## [Task]
What lines of the data hold the string "Definition"? Copy them all.

## [Supplied records]

Lemma path_edge_nthE (s : seq V) x0 t w : uniq s -> (t.+1 < size s)%N ->
  path_edge s (nth x0 s t) w = (w == nth x0 s t.+1).
Proof.
move=> us ht; apply/idP/eqP => [| ->]; last exact: path_edge_nth_succ.
case/(path_edge_nth x0) => t' ht' [nth_tt' ->].
have : nth x0 s t == nth x0 s t' by rewrite nth_tt'.
by rewrite nth_uniq // ?(ltnW ht) ?(ltnW ht') // => /eqP ->.
Qed.

End PathEdge.

Section Cascade.
Variables (F : fieldType) (V : finType) (N2 : {set V}) (E2 : rel V).
Variables (k1 k2 : V) (p : seq V).
Hypotheses (k2N2 : k2 \in N2) (uniq_path : uniq (k1 :: p)).
Hypotheses (last_path : last k1 p = k2)
  (path_meets_N2 : forall x, x \in k1 :: p -> x \in N2 -> x = k2).

Local Notation s := (k1 :: p).
Local Notation L := (size p).
Let S := [set x in s] :|: N2.
Local Notation node := {x : V | x \in S}.
Local Notation node2 := {x : V | x \in N2}.

Let path_in_S x : x \in s -> x \in S.
Proof. by move=> xs; rewrite in_setU in_set xs. Qed.

Let N2_in_S x : x \in N2 -> x \in S.
Proof. by move=> xN2; rewrite in_setU xN2 orbT. Qed.

Let d1 : node := exist _ k1 (path_in_S (mem_head k1 p)).
Let d2 : node2 := exist _ k2 k2N2.
Local Notation rank1 := (sub_rank d1).
Local Notation rank2 := (sub_rank d2).
Local Notation e1 := (delta_mx 0 (rank1 k1) : 'rV[F]_#|{: node}|).
Local Notation e2 := (delta_mx 0 (rank2 k2) : 'rV[F]_#|{: node2}|).

Variable A2 : 'M[F]_#|{: node2}|.
Hypothesis A2_support : forall i j,
  (A2 i j != 0) = E2 (val (enum_val j)) (val (enum_val i)).

Definition cascadeA : 'M[F]_#|{: node}| := \matrix_(i, j)
  ((if (val (enum_val i) \in N2) && (val (enum_val j) \in N2)
    then A2 (rank2 (val (enum_val i))) (rank2 (val (enum_val j))) else 0)
   + (path_edge s (val (enum_val j)) (val (enum_val i)))%:R).

Definition restrict_mx : 'M[F]_(#|{: node2}|, #|{: node}|) :=
  \matrix_(j, i) (val (enum_val i) == val (enum_val j))%:R.

Lemma nth_path_last : nth k1 s L = k2.
Proof. by rewrite -last_path (nth_last k1 s). Qed.

Lemma nth_path_notin_N2 t : (t < L)%N -> nth k1 s t \notin N2.
Proof.
move=> ltL; apply/negP => tN2.
have ts : (t < size s)%N by rewrite ltnS ltnW.
have := path_meets_N2 (mem_nth k1 ts) tN2; rewrite -nth_path_last => /eqP.
by rewrite nth_uniq // => /eqP tL; rewrite tL ltnn in ltL.
Qed.

Lemma nth_path_in_S t : (t <= L)%N -> nth k1 s t \in S.
Proof. by move=> tL; apply/path_in_S/mem_nth; rewrite ltnS. Qed.

Lemma path_edge_notin_N2 x y : path_edge s x y -> x \notin N2.
Proof.
by case/(path_edge_nth k1) => t ht [-> _]; apply: nth_path_notin_N2.
Qed.

Lemma cascadeA_support i j : (cascadeA i j != 0) =
  path_edge s (val (enum_val j)) (val (enum_val i))
  || [&& E2 (val (enum_val j)) (val (enum_val i)),
         val (enum_val j) \in N2 & val (enum_val i) \in N2].
Proof.
rewrite mxE; case: ifP => [/andP[iN2 jN2] | notN2].
  have -> : path_edge s (val (enum_val j)) (val (enum_val i)) = false.
    by apply/negP => /path_edge_notin_N2; rewrite jN2.
  by rewrite addr0 iN2 jN2 /= andbT A2_support !sub_rankK.
rewrite add0r; case: path_edge; rewrite ?oner_eq0 ?eqxx //=.
by apply/esym/and3P => -[_ jN2 iN2]; rewrite iN2 jN2 in notN2.
Qed.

## [Response]
Definition cascadeA : 'M[F]_#|{: node}| := \matrix_(i, j)
Definition restrict_mx : 'M[F]_(#|{: node2}|, #|{: node}|) :=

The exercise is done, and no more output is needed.